COVID-19 impact on the sector
This year, the report also delved into the exceptional circumstances thrown up by the pandemic. Eyes are particularly looking at how different regions have managed disruptions, and what the economic and social shocks have done for ESG uptake as the new byword for business resilience. Reports on how well Asia has been integrating ESG into investment processes and company practices have been mixed.

Credit Suisse reckons that in spite of the pandemic putting more emphasis on social aspects, research found that family-owned companies trail their non-family-owned peers on a host of ESG measures, most noticeably on human rights and modern slavery-related policies. On average, they also have less diverse management boards. Fewer of them have support groups for the lesbian, gay, bisexual and trans (LGBT), black, and Asian and minority ethnic (BAME) communities, or have made any public statements related to United Nation principles.

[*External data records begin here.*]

(* Let $X$ be a separable metric space endowed with the universal $\sigma$-algebra $\mathscr U(X)$, and let $\mathbb P$ be the completion of a Borel probability measure on $X$ restricted to $\mathscr U(X)$. Assume that $\mathbb P_n$ converges weakly to $\mathbb Q$ (the completion of a Borel measure restricted to $\mathscr U(X)$), where $\mathbb P_n(E)=\mathbb P(E\cap A_n)$ for a sequence of sets $A_n\in\mathscr U(X)$. Then for every measurable set $E\in\mathscr U(X)$, $\lim_{n\to\infty}\mathbb P_n(E)=\mathbb Q(E)$.
   Context: $\mathscr U(X)$ is the intersection over all $\sigma$-finite Borel measures $\nu$ on $X$ of the $\nu$-completion $\sigma$-algebras. Weak convergence means $\int f\,d\mathbb P_n\to\int f\,d\mathbb Q$ for all bounded continuous $f$. *)

From HB Require Import structures.
From mathcomp Require Import all_boot all_order all_algebra.
From mathcomp Require Import all_classical all_reals all_analysis.
Set Implicit Arguments. Unset Strict Implicit. Unset Printing Implicit Defensive.
Import Order.TTheory GRing.Theory Num.Theory numFieldTopology.Exports.
Local Open Scope classical_set_scope.
Local Open Scope ring_scope.

(* Metric spaces with a distinguished point (needed to build measurable
   types in mathcomp-analysis; harmless since a probability measure lives
   on a nonempty space). *)
#[short(type="pmetricType")]
HB.structure Definition PointedMetric (K : numDomainType) :=
  { M of Pointed M & Metric K M }.

Definition separable (T : topologicalType) :=
  exists D : set T, countable D /\ dense D.

Definition borel_t (T : ptopologicalType) := g_sigma_algebraType (@open T).

Definition completed_sets (R : realType) (T : ptopologicalType)
  (nu : set (borel_t T) -> \bar R) : set (set T) :=
  [set A | exists B N, [/\ measurable (B : set (borel_t T)),
                          nu.-negligible (N : set (borel_t T)) & A = B `|` N]].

Again, looking at how roughly 300 individual companies have ridden the COVID-19 crisis, the report found little difference in approaches. Even though both sets suffered revenue losses, family-owned companies were slightly less worried about their future than non-family owned. They were also less likely to furlough staff (46 per cent versus 55 per cent) and more likely to have put support programmes in place, more so than businesses in Europe or the US. Although this may be because the US and European governments have pumped in massive support packages.

As these schemes unwind, it raises the question of whether Asian companies, already less reliant on state intervention, are going to bounce back more vigorously than other markets.

Even though family-owned companies are known for "sticking to what they know," both groups said that operations are likely to change, with 60 per cent of non-family-owned and 48 per cent of family-owned companies believing that they will shift to a more flexible rather than a full-time workforce in a post-COVID world.